Collected data:
----

Definition adj (n : nat) (E : graph n) (x : 'I_n) : seq (edge n) :=
  seq.filter (fun e : {set 'I_n} => x \in e) (enum E).

Definition mu (R : realType) (n : nat) : nat :=
  `| Num.ceil ((n%:R : R) `^ (2 / 5) * (ln (n%:R : R)) `^ (1 / 5)) |%N.

(* A (Dijkstra) shortest-path-tree procedure: given edge weights and a  *)
(* source it returns parent pointers, with its operation count.         *)
Definition sp_oracle (R : realType) (n : nat) :=
  (edge n -> R) -> 'I_n -> CM {ffun 'I_n -> option 'I_n}.

(* Cost bound of Dijkstra's algorithm with Fibonacci heaps:             *)
(* O(m + n log n) on the input graph, for positive weights.             *)
Definition dijkstra_cost_bound (R : realType) (n : nat) (E : graph n)
    (K : nat) (dij : sp_oracle R n) : Prop :=
  forall (w' : edge n -> R) (s : 'I_n), (forall e, e \in E -> 0 < w' e) ->
    (cost (dij w' s) <= K * (#|E| + n * (up_log 2 n).+1))%N.

Section Construction.
Variables (R : realType) (n : nat) (E : graph n) (w : edge n -> R)
          (eps : R) (dij : sp_oracle R n).

Definition add_edges (s : seq (edge n)) (H : graph n) : CM (graph n) :=
  foldM (fun H' e => ret (e |: H')) s H.

(* (1) mu-lightweight initialization: sort each incidence list by weight *)
(* (comparison sort: size * log size operations), keep the mu lightest.   *)
Definition step1 : CM (graph n) :=
  foldM (fun H x =>
           let s := adj E x in
           bind (tick (size s * (up_log 2 (size s)).+1))
             (fun _ => add_edges (take (mu R n) (sort (fun e f => w e <= w f) s)) H))
        (enum 'I_n) finset.set0.

Definition step2 (H0 : graph n) (S2 : {set 'I_n}) : CM (graph n) :=
  foldM (fun H x =>
           bind (foldM (fun b e => ret (b || ((e \in H0) && [exists y in e, y \in S2])))
                       (adj E x) (x \in S2))
             (fun hit => if hit then ret H else add_edges (adj E x) H))
        (enum 'I_n) H0.

Definition tree_edges (par : {ffun 'I_n -> option 'I_n}) (H : graph n) : CM (graph n) :=
  foldM (fun H' v => ret (if par v is Some u then [set u; v] |: H' else H'))
        (enum 'I_n) H.

Definition step3 (S1 : {set 'I_n}) (H : graph n) : CM (graph n) :=
  foldM (fun H' x => bind (dij w x) (fun par => tree_edges par H')) (enum S1) H.

Fixpoint walk (par : {ffun 'I_n -> option 'I_n}) (fuel : nat) (v : 'I_n)
    (st : {set 'I_n} * graph n) : CM ({set 'I_n} * graph n) :=
  match fuel with
  | 0 => ret st
  | fuel'.+1 =>
      if v \in st.1 then ret st else
      match par v with
      | None => ret st
      | Some u => bind (tick 1) (fun _ =>
                    walk par fuel' u (v |: st.1, [set u; v] |: st.2))
      end
  end.

Definition step4 (S2 : {set 'I_n}) (H : graph n) : CM (graph n) :=
  bind (tick #|E|) (fun _ =>
  let W := \big[Num.max/0]_(e in E) w e in
  let g := ((mu R n)%:R ^+ 3 / n%:R + 2 : R) in
  foldM (fun H' x1 =>
           bind (tick #|E|) (fun _ =>
           let w' := fun e => if e \in E :\: H' then w e + eps * W / g else w e in
           bind (dij w' x1) (fun par =>
           bind (foldM (fun st x2 => walk par n x2 st) (enum S2) ([set x1], H'))
                (fun st => ret st.2))))
        (enum S2) H).

(* the whole construction, on random samples S1, S2; the initial tick    *)
(* accounts for reading the input / building incidence lists.            *)
Definition construction (S1 S2 : {set 'I_n}) : CM (graph n) :=
  bind (tick (n + #|E|)) (fun _ =>
  bind step1 (fun H0 =>
  bind (step2 H0 S2) (fun H1 =>
  bind (step3 S1 H1) (fun H2 =>
  step4 S2 H2)))).

End Construction.

(* Randomness: each node independently in S with probability p.        *)
Definition bern_set (R : realType) (n : nat) (p : R) (S : {set 'I_n}) : R :=
  p ^+ #|S| * (1 - p) ^+ (n - #|S|).

Definition prob2 (R : realType) (n : nat) (p1 p2 : R)
    (P : {set 'I_n} -> {set 'I_n} -> bool) : R :=
  \sum_(S1 : {set 'I_n}) \sum_(S2 : {set 'I_n})
     bern_set p1 S1 * bern_set p2 S2 * (P S1 S2)%:R.

Definition p1_of (R : realType) (n : nat) : R := Num.min 1 (9 * (mu R n)%:R / n%:R).
Definition p2_of (R : realType) (n : nat) : R := 1 / (mu R n)%:R.

From HB Require Import structures.
From mathcomp Require Import all_boot all_order all_algebra.
From mathcomp Require Import all_classical all_reals all_analysis.
From mathcomp Require Import ring lra zify.
Import Order.TTheory GRing.Theory Num.Theory.
Local Open Scope ring_scope.

Set Implicit Arguments. Unset Strict Implicit. Unset Printing Implicit Defensive.

(* In the cost model, the lightweight initialization and step (2) cost
   O(m log n), every node of S1 costs one Dijkstra run plus a tree, and every
   node of S2 costs one Dijkstra run plus parent-pointer walks that mark each
   node at most once; so the construction costs O(K (1 + |S1| + |S2|) m log n).
   The sizes |S1| and |S2| are binomial with means n p1 >= n^(2/5) and
   n p2 = n / mu, so by Chebyshev each exceeds twice its mean with probability
   at most the inverse of that mean, and both failure probabilities together
   are below n^(-1/5). Outside these events 1 + |S1| + |S2| <= 39 n^(3/5) ln n,
   since 18 mu = O(n^(2/5) ln n) and 2 n / mu <= 2 n^(3/5). *)

Section BinomialTail.
Variables (R : realType) (p : R).

Lemma binomial_pmfE n k :
  binomial_pmf n p k = 'C(n, k)%:R * (p ^+ k * (1 - p) ^+ (n - k)).
Proof. by rewrite mulr_natl. Qed.

Lemma binomial_pmf_sum1 n : \sum_(k < n.+1) binomial_pmf n p k = 1.
Proof.
have -> : 1 = (1 - p + p) ^+ n by rewrite subrK expr1n.
by rewrite exprDn; apply: eq_bigr => k _; rewrite binomial_pmfE mulr_natl mulrC.
Qed.

Lemma binomial_pmf_shift n (g : nat -> R) :
  \sum_(k < n.+2) k%:R * binomial_pmf n.+1 p k * g k =
  n.+1%:R * p * \sum_(k < n.+1) binomial_pmf n p k * g k.+1.
Proof.
rewrite big_ord_recl !mul0r add0r mulr_sumr; apply: eq_bigr => k _.
rewrite !binomial_pmfE (_ : lift ord0 k = k.+1 :> nat) // subSS exprS.
have /(congr1 (fun m => m%:R : R)) := mul_bin_diag n.+1 k; rewrite !natrM.
move: ('C(n.+1, k.+1)) ('C(n, k)) => c1 c0 diag.
transitivity (p * p ^+ k * (1 - p) ^+ (n - k) * g k.+1 * (k.+1%:R * c1%:R)); first by ring.
by rewrite -diag; ring.
Qed.

Lemma binomial_mean n : \sum_(k < n.+1) k%:R * binomial_pmf n p k = n%:R * p.
Proof.
case: n => [|n]; first by rewrite big_ord1 !mul0r.
under eq_bigr do rewrite -[_ * _]mulr1.
by rewrite (binomial_pmf_shift n (fun=> 1)); under eq_bigr do rewrite mulr1;
  rewrite binomial_pmf_sum1 mulr1.
Qed.

Lemma binomial_factorial_moment2 n :
  \sum_(k < n.+1) k%:R * (k%:R - 1) * binomial_pmf n p k = n%:R * (n%:R - 1) * p ^+ 2.
Proof.
case: n => [|n]; first by rewrite big_ord1 !mul0r.
under eq_bigr do rewrite mulrAC.
rewrite (binomial_pmf_shift n (fun k => k%:R - 1)).
under eq_bigr do rewrite -[_.+1%:R]natr1 addrK mulrC.
rewrite binomial_mean -[n.+1%:R]natr1 addrK; ring.
Qed.

Lemma binomial_variance n :
  \sum_(k < n.+1) (k%:R - n%:R * p) ^+ 2 * binomial_pmf n p k = n%:R * p * (1 - p).
Proof.
transitivity (\sum_(k < n.+1) (k%:R * (k%:R - 1) * binomial_pmf n p k
   + (1 - 2 * n%:R * p) * (k%:R * binomial_pmf n p k)
   + (n%:R * p) ^+ 2 * binomial_pmf n p k)).
  by apply: eq_bigr => k _; ring.
rewrite !big_split /= -!mulr_sumr binomial_factorial_moment2 binomial_mean.
rewrite binomial_pmf_sum1; ring.
Qed.

(* Chebyshev's inequality, with deviation [n p] from the mean *)
Lemma binomial_upper_tail n : 0 < p <= 1 -> (0 < n)%N ->
  \sum_(k < n.+1) binomial_pmf n p k * ((2 * n%:R * p <= k%:R)%R)%:R <= (n%:R * p)^-1.
Proof.
move=> /andP[p_gt0 p_le1] n_gt0.
have np_gt0 : 0 < n%:R * p by rewrite mulr_gt0 ?ltr0n.
apply: le_trans (_ : \sum_(k < n.+1)
    (k%:R - n%:R * p) ^+ 2 * binomial_pmf n p k / (n%:R * p) ^+ 2 <= _).
  apply: ler_sum => k _.
  have pmf_ge0 : 0 <= binomial_pmf n p k by apply: binomial_pmf_ge0; rewrite ltW.
  have dev_ge0 : 0 <= (k%:R - n%:R * p) ^+ 2 * binomial_pmf n p k / (n%:R * p) ^+ 2.
    by apply: divr_ge0; [apply: mulr_ge0 | ]; rewrite ?sqr_ge0.
  have [far|_] := boolP (2 * n%:R * p <= k%:R); last by rewrite mulr0n mulr0.
  rewrite mulr1n mulr1 mulrAC ler_peMl //.
  by rewrite ler_pdivlMr ?exprn_gt0 // mul1r ler_sqr ?nnegrE; lra.
rewrite -mulr_suml binomial_variance ler_pdivrMr ?exprn_gt0 // expr2 mulKf ?gt_eqF //.
by rewrite ler_piMr ?ltW //; lra.
Qed.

----

== WHAT YOU HAVE TO DO ==
From the records above, transcribe exactly the run of lines that opens with the line holding "bind (foldM (fun b" and closes with the line holding "(enum 'I_n) H.", both included.

== OUTPUT FOR THIS TASK ==
           bind (foldM (fun b e => ret (b || ((e \in H0) && [exists y in e, y \in S2])))
                       (adj E x) (x \in S2))
             (fun hit => if hit then ret H else add_edges (adj E x) H))
        (enum 'I_n) H0.

Definition tree_edges (par : {ffun 'I_n -> option 'I_n}) (H : graph n) : CM (graph n) :=
  foldM (fun H' v => ret (if par v is Some u then [set u; v] |: H' else H'))
        (enum 'I_n) H.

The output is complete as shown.